- _What to work on_
Write out every line below that includes the word "Prop".
# # # # # # #
(* Let $n\ge1$. Let $\mathbf{R}$ be a subalgebra of $\mathbf{P\L}_n\times\mathbf{P\L}_n$ with $\mathbf{R}\subseteq{\le}$. Assume $\mathbf{R}$ is not the diagonal of a subalgebra of $\mathbf{P\L}_n$. Let $\mathbf{S}=\mathrm{pr}_1(\mathbf{R})\times\mathrm{pr}_2(\mathbf{R})=\mathbf{P\L}_k\times\mathbf{P\L}_{k'}$, where $k,k'$ are divisors of $n$. Then there exists $\overline{\mathbf{R}}\in\mathcal{S}_n$ with $\mathbf{R}=\overline{\mathbf{R}}\cap\mathbf{S}$.
   Context: For $n\ge 1$, the algebra $\mathbf{P\L}_n=\langle\{0,\tfrac1n,\dots,\tfrac{n-1}{n},1\},\wedge,\vee,\odot,\oplus,0,1\rangle$ has $\wedge=\min$, $\vee=\max$, $x\odot y=\max\{0,x+y-1\}$ and $x\oplus y=\min\{1,x+y\}$. For a divisor $k$ of $n$, $\mathbf{P\L}_k$ is the subalgebra with universe $\{\tfrac ik:0\le i\le k\}$. The relations are ${\le}=\{(x,y): x\le y\}$ and $\lhd=\{(x,y):x=0\text{ or }y=1\}$. The set $\mathcal{S}_n$ is the collection of all subalgebras $\mathbf{R}$ of $\mathbf{P\L}_n\times\mathbf{P\L}_n$ with $\lhd\subseteq\mathbf{R}\subseteq{\le}$. *)

(* The element i/n of PL_n is represented by its numerator
   i : 'I_n.+1 (so 0 is ord0 and 1 is ord_max, i.e. numerator n). *)
From mathcomp Require Import all_boot.
Set Implicit Arguments. Unset Strict Implicit. Unset Printing Implicit Defensive.

Section PL.
Variable n : nat.
Definition PL := 'I_n.+1.

Definition pl0 : PL := ord0.
Definition pl1 : PL := ord_max.
Definition pl_meet (x y : PL) : PL := inord (minn x y).
Definition pl_join (x y : PL) : PL := inord (maxn x y).
(* x (.) y = max(0, x+y-1): numerators (x+y) - n (truncated) *)
Definition pl_odot (x y : PL) : PL := inord ((x + y) - n).
(* x (+) y = min(1, x+y): numerators min(n, x+y) *)
Definition pl_oplus (x y : PL) : PL := inord (minn n (x + y)).

Definition subalg (A : {set PL}) : Prop :=
  [/\ pl0 \in A, pl1 \in A &
      forall x y, x \in A -> y \in A ->
        [/\ pl_meet x y \in A, pl_join x y \in A,
            pl_odot x y \in A & pl_oplus x y \in A]].

Definition pair_op (f : PL -> PL -> PL) (p q : PL * PL) : PL * PL :=
  (f p.1 q.1, f p.2 q.2).

Definition subalg2 (R : {set PL * PL}) : Prop :=
  [/\ (pl0, pl0) \in R, (pl1, pl1) \in R &
      forall p q, p \in R -> q \in R ->
        [/\ pair_op pl_meet p q \in R, pair_op pl_join p q \in R,
            pair_op pl_odot p q \in R & pair_op pl_oplus p q \in R]].

Definition pl_le : {set PL * PL} := [set p : PL * PL | (p.1 : nat) <= p.2].
Definition pl_lhd : {set PL * PL} := [set p : PL * PL | (p.1 == pl0) || (p.2 == pl1)].

Definition Scal (R : {set PL * PL}) : Prop :=
  subalg2 R /\ pl_lhd \subset R /\ R \subset pl_le.

Definition diag (A : {set PL}) : {set PL * PL} := [set (a, a) | a in A].

Definition pr1 (R : {set PL * PL}) : {set PL} := [set p.1 | p in R].
Definition pr2 (R : {set PL * PL}) : {set PL} := [set p.2 | p in R].
End PL.

(* A relation R <= (<=) that is not a diagonal contains a pair a < b; doubling
   it with (+) or (.) strictly widens the gap b - a, so (0, 1) lies in R.  Take
   for Rbar the set of pairs (x, y) lying "outside" some pair (a, b) of R, i.e.
   x <= a and b <= y.  All operations are monotone, so Rbar is a subalgebra of
   (<=) containing <|.  Conversely, if (x, y) lies outside (a, b) in R and
   x, y are coordinates of pairs r, s of R, then
   ((r (+) (0, 1)) /\ (a, b)) \/ (s (.) (0, 1)) = (x, y) lies in R. *)
From mathcomp Require Import all_boot.
From mathcomp Require Import zify.

Set Implicit Arguments.
Unset Strict Implicit.
Unset Printing Implicit Defensive.

Section PLn.
Variable n : nat.
Implicit Types (x y : PL n) (p q r s : PL n * PL n) (R : {set PL n * PL n}).

Lemma pl_meetE x y : pl_meet x y = minn x y :> nat.
Proof. rewrite inordK // ltnS; have := ltn_ord x; lia. Qed.

Lemma pl_joinE x y : pl_join x y = maxn x y :> nat.
Proof. rewrite inordK // ltnS; have := ltn_ord x; have := ltn_ord y; lia. Qed.

Lemma pl_odotE x y : pl_odot x y = x + y - n :> nat.
Proof. rewrite inordK // ltnS; have := ltn_ord x; have := ltn_ord y; lia. Qed.

Lemma pl_oplusE x y : pl_oplus x y = minn n (x + y) :> nat.
Proof. rewrite inordK // ltnS; lia. Qed.

Lemma pl_pair_inj p q : p.1 = q.1 :> nat -> p.2 = q.2 :> nat -> p = q.
Proof. by case: p q => [a b] [c d] /= /val_inj-> /val_inj->. Qed.

Definition monotone2 (f : PL n -> PL n -> PL n) :=
  forall x y x' y', x <= x' -> y <= y' -> f x y <= f x' y'.

Lemma pl_meet_mono : monotone2 (@pl_meet n).
Proof. by move=> x y x' y'; rewrite !pl_meetE; lia. Qed.

Lemma pl_join_mono : monotone2 (@pl_join n).
Proof. by move=> x y x' y'; rewrite !pl_joinE; lia. Qed.

Lemma pl_odot_mono : monotone2 (@pl_odot n).
Proof. by move=> x y x' y'; rewrite !pl_odotE; lia. Qed.

Lemma pl_oplus_mono : monotone2 (@pl_oplus n).
Proof. by move=> x y x' y'; rewrite !pl_oplusE; lia. Qed.

Lemma mem_pr1 R p : p \in R -> p.1 \in pr1 R.
Proof. by move=> Rp; apply/imsetP; exists p. Qed.

Lemma mem_pr2 R p : p \in R -> p.2 \in pr2 R.
Proof. by move=> Rp; apply/imsetP; exists p. Qed.

Lemma subalg2_pr1 R : subalg2 R -> subalg (pr1 R).
Proof.
case=> R00 R11 closed; split; [exact: (mem_pr1 R00) | exact: (mem_pr1 R11) |].
move=> _ _ /imsetP[p Rp ->] /imsetP[q Rq ->].
have [Rmeet Rjoin Rodot Roplus] := closed p q Rp Rq.
by split; [exact: (mem_pr1 Rmeet) | exact: (mem_pr1 Rjoin)
          | exact: (mem_pr1 Rodot) | exact: (mem_pr1 Roplus)].
Qed.

Lemma diag_pr1 R : {in R, forall p, p.1 = p.2} -> R = diag (pr1 R).
Proof.
move=> diagR; apply/setP=> -[a b].
apply/idP/imsetP => [Rab | [_ /imsetP[p Rp ->] ->]].
  by exists a; [exact: (mem_pr1 Rab) | have /= -> := diagR _ Rab].
by rewrite {2}(diagR _ Rp) -surjective_pairing.
Qed.

(* In the boundary case a + b = n (numerators), doubling with (+) keeps the
   gap and lands on (2a, n), after which (.) widens it. *)
Lemma subalg2_gap_grows R p : subalg2 R -> p \in R -> p.1 < p.2 ->
  p != (pl0 n, pl1 n) -> exists2 q : PL n * PL n, q \in R & p.2 - p.1 < q.2 - q.1.
Proof.
case=> _ _ closed Rp lt_p p_ne.
have [_ _ Rodot Roplus] := closed p p Rp Rp.
have := ltn_ord p.2; rewrite ltnS => le_n.
have [lt_n | gt_n | eq_n] := ltngtP (p.1 + p.2) n.
- by exists (pair_op (@pl_oplus n) p p); rewrite //= !pl_oplusE; lia.
- by exists (pair_op (@pl_odot n) p p); rewrite //= !pl_odotE; lia.
- have p1_gt0 : 0 < p.1.
    rewrite lt0n; apply: contraNneq p_ne => p1_0.
    by apply/eqP/pl_pair_inj => /=; lia.
  have [_ _ Rodot2 _] := closed _ _ Roplus Roplus.
  set p2 := pair_op (@pl_oplus n) p p.
  by exists (pair_op (@pl_odot n) p2 p2); rewrite //= !pl_odotE /= !pl_oplusE; lia.
Qed.

Lemma subalg2_pl0_pl1 R p : subalg2 R -> p \in R -> p.1 < p.2 ->
  (pl0 n, pl1 n) \in R.
Proof.
move=> sR; have [m] := ubnP (n - (p.2 - p.1)).
elim: m p => // m IH p gap_lt Rp lt_p.
have [<- // | p_ne] := eqVneq p (pl0 n, pl1 n).
have [q Rq gap_pq] := subalg2_gap_grows sR Rp lt_p p_ne.
by apply: (IH q _ Rq); have := ltn_ord q.2; lia.
Qed.

Definition widen R : {set PL n * PL n} :=
  [set q : PL n * PL n | [exists p in R, (q.1 <= p.1) && (p.2 <= q.2)]].

Lemma widenP R q :
  reflect (exists2 p : PL n * PL n, p \in R & q.1 <= p.1 /\ p.2 <= q.2)
          (q \in widen R).
Proof.
rewrite inE; apply: (iffP existsP) => [[p /and3P[Rp le1 le2]] | [p Rp [le1 le2]]].
  by exists p.
by exists p; rewrite Rp le1.
Qed.

Lemma sub_widen R : R \subset widen R.
Proof. by apply/subsetP=> p Rp; apply/widenP; exists p. Qed.

Lemma widen_op R f : monotone2 f ->
    (forall p q, p \in R -> q \in R -> pair_op f p q \in R) ->
  forall p q, p \in widen R -> q \in widen R -> pair_op f p q \in widen R.
Proof.
move=> mono_f closed p q /widenP[p' Rp' [le1 le2]] /widenP[q' Rq' [le3 le4]].
by apply/widenP; exists (pair_op f p' q'); [exact: closed | split; apply: mono_f].
Qed.

Lemma subalg2_widen R : subalg2 R -> subalg2 (widen R).
Proof.
case=> R00 R11 closed; split; try exact: (subsetP (sub_widen R)).
by move=> p q wp wq; split;
  [apply: (widen_op pl_meet_mono) | apply: (widen_op pl_join_mono)
  | apply: (widen_op pl_odot_mono) | apply: (widen_op pl_oplus_mono)] => //
  p' q' Rp' Rq'; have [] := closed p' q' Rp' Rq'.
Qed.

Lemma lhd_sub_widen R : subalg2 R -> pl_lhd n \subset widen R.
Proof.
case=> R00 R11 _; apply/subsetP=> q; rewrite inE => /orP[] /eqP q_eq; apply/widenP.
  by exists (pl0 n, pl0 n); rewrite //= q_eq.
by exists (pl1 n, pl1 n); rewrite //= q_eq -ltnS.
Qed.

Lemma widen_sub_le R : R \subset pl_le n -> widen R \subset pl_le n.
Proof.
move=> /subsetP le_R; apply/subsetP=> q /widenP[p /le_R]; rewrite !inE; lia.
Qed.

Lemma pl_interpolate r s q : r.1 <= q.1 -> q.2 <= s.2 ->
  pair_op (@pl_join n)
    (pair_op (@pl_meet n) (pair_op (@pl_oplus n) r (pl0 n, pl1 n)) q)
    (pair_op (@pl_odot n) s (pl0 n, pl1 n)) = (r.1, s.2).
Proof.
move=> le1 le2; apply: pl_pair_inj;
  rewrite /= pl_joinE pl_meetE pl_oplusE pl_odotE /=;
  have := ltn_ord r.1; have := ltn_ord s.1; have := ltn_ord s.2; lia.
Qed.

Lemma widen_cap_pr R : subalg2 R -> (pl0 n, pl1 n) \in R ->
  widen R :&: setX (pr1 R) (pr2 R) = R.
Proof.
move=> sR R01; have [_ _ closed] := sR.
apply/setP=> -[a b]; apply/idP/idP => [| Rab]; last first.
  by rewrite inE (subsetP (sub_widen R)) //= inE (mem_pr1 Rab) (mem_pr2 Rab).
case/setIP=> /widenP[q Rq [/= le1 le2]].
case/setXP=> /imsetP[r Rr a_r] /imsetP[s Rs b_s].
subst a b; rewrite -(pl_interpolate le1 le2).
have [_ _ _ Rr01] := closed _ _ Rr R01; have [_ _ Rs01 _] := closed _ _ Rs R01.
have [Rmeet _ _ _] := closed _ _ Rr01 Rq.
by have [] := closed _ _ Rmeet Rs01.
Qed.

End PLn.

Theorem lemma3p14 (n : nat) (R : {set PL n * PL n}) :
  0 < n ->
  subalg2 R ->
  R \subset pl_le n ->
  ~ (exists A : {set PL n}, subalg A /\ R = diag A) ->
  exists Rbar : {set PL n * PL n},
    Scal Rbar /\ R = Rbar :&: setX (pr1 R) (pr2 R).
Proof.
move=> _ sR le_R not_diag.
case: (boolP [exists p : PL n * PL n in R, p.1 < p.2])
  => [/existsP[p /andP[Rp lt_p]] | /existsPn no_gap].
  have R01 := subalg2_pl0_pl1 sR Rp lt_p.
  exists (widen R); split; last by rewrite widen_cap_pr.
  split; first exact: subalg2_widen.
  by split; [exact: lhd_sub_widen | exact: widen_sub_le].
have diagR : {in R, forall p, p.1 = p.2}.
  move=> p Rp; have := subsetP le_R p Rp; rewrite inE => le_p.
  have := no_gap p; rewrite Rp -leqNgt => ge_p.
  by apply/ord_inj/eqP; rewrite eqn_leq le_p.
by case: not_diag; exists (pr1 R); split; [exact: subalg2_pr1 | exact: diag_pr1].
Qed.
(* In the setting of the context, let $x_0=x_0(0)$, $x_1=x_1(0)$ and $r_0=1/x_1$. Then, for $|x|\le 1$, $$\varphi_0(x)=\frac{\pi_{0,0}}{1-r_0x},$$ and for $j=1,2,\ldots$ and $|x|\le1$, $x\neq x_0$, $$\varphi_j(x)=\frac{a_j}{x-x_1}-\frac{q\varphi_{j-1}(x_0)(x+x_0)}{\bar q(x-x_1)}-\frac{q(px+\bar p)(\bar\mu_hx+\mu_h)}{p\bar q\bar\mu_h(x-x_1)}\cdot\frac{\varphi_{j-1}(x)-\varphi_{j-1}(x_0)}{x-x_0},$$ where $$a_j=\frac{[\bar p\bar q(\mu_l-\mu_h)-\bar pq\mu_l]\pi_{0,j}-\bar p\bar q\mu_l\pi_{0,j+1}+\bar pq(\mu_l-\mu_h)\pi_{0,j-1}-q(\bar p\bar\mu_h+p\mu_h)\varphi_{j-1}(x_0)}{p\bar q\bar\mu_h}.$$ Moreover $\pi_{0,0}=\frac{1-\rho}{\bar p\bar q}$.
   Context: Fix $p,q,\mu_h,\mu_l\in(0,1)$ with $p+q+\mu_h+\mu_l=1$. For real $x$ write $\bar x=1-x$; let $\rho_h=p/\mu_h$, $\rho_l=q/\mu_l$, $\rho=\rho_h+\rho_l$, and assume $\rho<1$. Let $(Q_1(n),Q_2(n))_{n\ge0}$ be the discrete-time Markov chain on $\mathbb{Z}_{\ge0}^2$ (numbers of high- and low-priority customers in a discrete-time preemptive priority queue, early arrival system) whose one-step transition probabilities from $(i,j)$ to $(i+k,j+l)$ are as follows (unlisted transitions have probability $0$). If $i\ge1$, $j\ge0$: $(k,l)=(1,0)$: $p\bar q\bar\mu_h$; $(1,1)$: $pq\bar\mu_h$; $(0,1)$: $pq\mu_h+\bar pq\bar\mu_h$; $(-1,1)$: $\bar pq\mu_h$; $(-1,0)$: $\bar p\bar q\mu_h$; $(0,0)$: $\bar p\bar q\bar\mu_h+p\bar q\mu_h$. If $i=0$, $j\ge1$: $(1,0)$: $p\bar q\bar\mu_h$; $(1,1)$: $pq\bar\mu_h$; $(0,1)$: $pq\mu_h+\bar pq\bar\mu_l$; $(0,-1)$: $\bar p\bar q\mu_l$; $(0,0)$: $\bar p\bar q\bar\mu_l+p\bar q\mu_h+\bar pq\mu_l$. If $(i,j)=(0,0)$: $(1,0)$: $p\bar q\bar\mu_h$; $(1,1)$: $pq\bar\mu_h$; $(0,1)$: $pq\mu_h+\bar pq\bar\mu_l$; $(0,0)$: $\bar p\bar q+p\bar q\mu_h+\bar pq\mu_l$. Let $(\pi_{i,j})_{i,j\ge0}$ be its stationary distribution, and let $\varphi_j(x)=\sum_{i\ge0}\pi_{i,j}x^i$ for $j\ge0$. Define $\Delta(y)=(p\mu_h-\bar p\bar\mu_h)^2(qy+\bar q)^2-2(p\mu_h+\bar p\bar\mu_h)(qy+\bar q)+1$, and $x_0(y)=\frac{1-(p\mu_h+\bar p\bar\mu_h)(qy+\bar q)-\sqrt{\Delta(y)}}{2p\bar\mu_h(qy+\bar q)}$, $x_1(y)=\frac{1-(p\mu_h+\bar p\bar\mu_h)(qy+\bar q)+\sqrt{\Delta(y)}}{2p\bar\mu_h(qy+\bar q)}$, where the square root is the positive one for real $y$ with $\Delta(y)>0$ (in particular at $y=0$). *)

From Stdlib Require Import Reals ZArith.
From Coquelicot Require Import Coquelicot.

Open Scope R_scope.

Definition bar (x : R) : R := 1 - x.

(* One-step transition probability from state (i,j) to state (k,l)
   of the discrete-time preemptive priority queue (early arrival system). *)
Definition trans (p q mh ml : R) (i j k l : nat) : R :=
  let dk := (Z.of_nat k - Z.of_nat i)%Z in
  let dl := (Z.of_nat l - Z.of_nat j)%Z in
  let is (a b : Z) := (Z.eqb dk a && Z.eqb dl b)%bool in
  if (1 <=? i)%nat then
    if is 1%Z 0%Z then p * bar q * bar mh
    else if is 1%Z 1%Z then p * q * bar mh
    else if is 0%Z 1%Z then p * q * mh + bar p * q * bar mh
    else if is (-1)%Z 1%Z then bar p * q * mh
    else if is (-1)%Z 0%Z then bar p * bar q * mh
    else if is 0%Z 0%Z then bar p * bar q * bar mh + p * bar q * mh
    else 0
  else if (1 <=? j)%nat then
    if is 1%Z 0%Z then p * bar q * bar mh
    else if is 1%Z 1%Z then p * q * bar mh
    else if is 0%Z 1%Z then p * q * mh + bar p * q * bar ml
    else if is 0%Z (-1)%Z then bar p * bar q * ml
    else if is 0%Z 0%Z then bar p * bar q * bar ml + p * bar q * mh + bar p * q * ml
    else 0
  else
    if is 1%Z 0%Z then p * bar q * bar mh
    else if is 1%Z 1%Z then p * q * bar mh
    else if is 0%Z 1%Z then p * q * mh + bar p * q * bar ml
    else if is 0%Z 0%Z then bar p * bar q + p * bar q * mh + bar p * q * ml
    else 0.
Lemma horner_deriv_mulX (K : fieldType) (p : {poly K}) n y :
  (size p <= n.+1)%N -> \sum_(i < n.+1) p`_i * y ^+ i *+ i = y * p^`().[y].
Proof.
move=> sp; have sp' : (size p^`() <= n)%N.
  have [->|p_neq0] := eqVneq p 0; first by rewrite deriv0 size_poly0.
  by rewrite -ltnS (leq_trans (lt_size_deriv p_neq0) sp).
rewrite (horner_coef_wide _ sp') big_ord_recl /= mulr0n add0r mulr_sumr.
by apply: eq_bigr => i _; rewrite coef_deriv /bump /= add1n -mulrnAl exprS mulrCA.
Qed.

(* [homog n f P C] is the polynomial C^n f(P/C). *)
Definition homog (R : nzRingType) n (f P C : {poly R}) : {poly R} :=
  \sum_(i < n.+1) f`_i *: (P ^+ i * C ^+ (n - i)).

Section RmorphPoly.
Variables (F K : fieldType) (psi : {rmorphism {poly F} -> K}).
Local Notation iota := (psi \o polyC).

Lemma rmorph_scale_poly c p : psi (c *: p) = iota c * psi p.
Proof. by rewrite -mul_polyC rmorphM. Qed.

Lemma rmorph_comp_poly P R : psi (P \Po R) = (map_poly iota P).[psi R].
Proof.
rewrite comp_polyE rmorph_sum (horner_coef_wide _ (_ : size _ <= size P)%N).
  by apply: eq_bigr => i _; rewrite rmorph_scale_poly rmorphXn coef_map.
by rewrite size_map_poly.
Qed.

Lemma rmorph_homog n (f P C : {poly F}) : (size f <= n.+1)%N -> psi C != 0 ->
  psi (homog n f P C) = psi C ^+ n * (map_poly iota f).[psi P / psi C].
Proof.
move=> sf C_neq0; rewrite -horner_homog ?size_map_poly // rmorph_sum.
by apply: eq_bigr => i _; rewrite rmorph_scale_poly rmorphM !rmorphXn coef_map mulrA.
Qed.

Lemma rmorph_homog_eq0 n (f P C : {poly F}) : psi C = 0 ->
  psi (homog n f P C) = iota f`_n * psi P ^+ n.
Proof.
move=> C0; rewrite rmorph_sum big_ord_recr /= big1 ?add0r => [|i _].
  by rewrite rmorph_scale_poly subnn mulr1 rmorphXn.
by rewrite rmorph_scale_poly rmorphM !rmorphXn C0 expr0n subn_eq0 leqNgt ltn_ord !mulr0.
Qed.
# # # # # # #
- _Exercise response_
Definition subalg (A : {set PL}) : Prop :=
Definition subalg2 (R : {set PL * PL}) : Prop :=
Definition Scal (R : {set PL * PL}) : Prop :=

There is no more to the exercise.